This creates a unique potential profile at the interface: Li (0 V) | Lithiated PB (~3.07 V) | LATP (Ti4+/Ti3+ at ~2.34 V). During battery operation, lithium is oxidized at the anode, and Li+ ions travel through the PB layer into the LATP. However, electrons face a critical barrier. The lithiated PB, having a redox potential of ~3.07 V, is thermodynamically incapable of being oxidized by the LATP’s Ti4+ ions, which have a lower reduction potential of ~2.34 V. Consequently, electron transfer from the PB layer into the LATP bulk is effectively blocked. The PB layer thus acts as an “electron filter,” permitting the passage of Li+ ions while electronically insulating the LATP from the reducing environment of the lithium metal. This mechanism fundamentally suppresses the reduction degradation of LATP, which is the root cause of instability in unmodified Li/LATP interfaces for solid-state batteries.

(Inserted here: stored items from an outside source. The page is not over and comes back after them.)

Lemma ds_not_perm_midpoint (R : realFieldType) n (X : 'M[R]_n) :
  doubly_stochastic X -> ~~ is_perm_mx X ->
  exists D, [/\ D != 0, doubly_stochastic (X + D), doubly_stochastic (X - D)
    & forall i j, D i j != 0 -> `|D i j| < X i j].
Proof.
move=> X_ds X_nperm; have X_ge0 := X_ds.1.
have S_gt0 : (0 < #|fractional_support X|)%N.
  have [i [j Xij]] := ds_fractional_entry X_ds X_nperm.
  by apply/card_gt0P; exists (i, j); rewrite inE.
have [D0 D0_neq0 [D0_supp D0_row D0_col]] :=
  exists_zero_margin_mx R S_gt0 (card_fractional_support X_ds).
have D0_pos i j : D0 i j != 0 -> 0 < X i j.
  by move=> /D0_supp; rewrite inE => /andP[].
have [t t_gt0 t_small] := exists_small_scale (fun ij => D0_pos ij.1 ij.2).
pose D := t *: D0.
have D_lt i j : D i j != 0 -> `|D i j| < X i j.
  rewrite mxE mulf_eq0 negb_or => /andP[_ D0ij].
  by rewrite normrM gtr0_norm // (t_small (i, j)).
have D_le i j : `|D i j| <= X i j.
  by have [->|/D_lt/ltW //] := eqVneq (D i j) 0; rewrite normr0.
have D_row i : \sum_j D i j = 0.
  by under eq_bigr do rewrite mxE; rewrite -mulr_sumr D0_row mulr0.
have D_col j : \sum_i D i j = 0.
  by under eq_bigr do rewrite mxE; rewrite -mulr_sumr D0_col mulr0.
exists D; split => //.
- by rewrite scaler_eq0 negb_or gt_eqF.
- exact: ds_add_zero_margin.
- apply: ds_add_zero_margin => // [i j|i|j]; first by rewrite mxE normrN.
    by under eq_bigr do rewrite mxE; rewrite sumrN D_row oppr0.
  by under eq_bigr do rewrite mxE; rewrite sumrN D_col oppr0.
Qed.

Section PowRStrongConcavity.
Local Open Scope classical_set_scope.
Local Open Scope ring_scope.
Variables (R : realType) (p M : R).
Hypotheses (p_gt0 : 0 < p) (p_lt1 : p < 1) (M_gt0 : 0 < M).

(* [L = K'] is nonincreasing on ]0, M] since [L' = p (p - 1) z^(p-2) + nu <= 0]
   there, so [K] is concave on ]0, M]; the second difference of [K] is that of
   [powR ^~ p] plus [nu s^2]. *)
Let nu := p * (1 - p) * M `^ (p - 2).
Let K (z : R) := z `^ p + nu / 2 * z ^+ 2.
Let L (z : R) := p * z `^ (p - 1) + nu * z.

Additionally, the rigid and porous MOF structure of PB ensures intimate contact with both the rigid LATP ceramic and the soft lithium metal. Upon initial lithiation, the PB layer becomes more lithophilic, further improving wettability and contact. Its structural stability upon cycling prevents pore formation and maintains a continuous ion-conduction pathway.

Electrochemical Performance Evaluation in Symmetric and Full Solid-State Battery Cells

To evaluate the efficacy of the PB modification, we assembled and tested three types of cells. A viscous ion liquid (IL, 1 M LiTFSI in [EMIM]TFSI) was applied as a wetting agent on both sides of the LATP pellet in all cells involving PB or direct comparison to ensure initial interfacial contact.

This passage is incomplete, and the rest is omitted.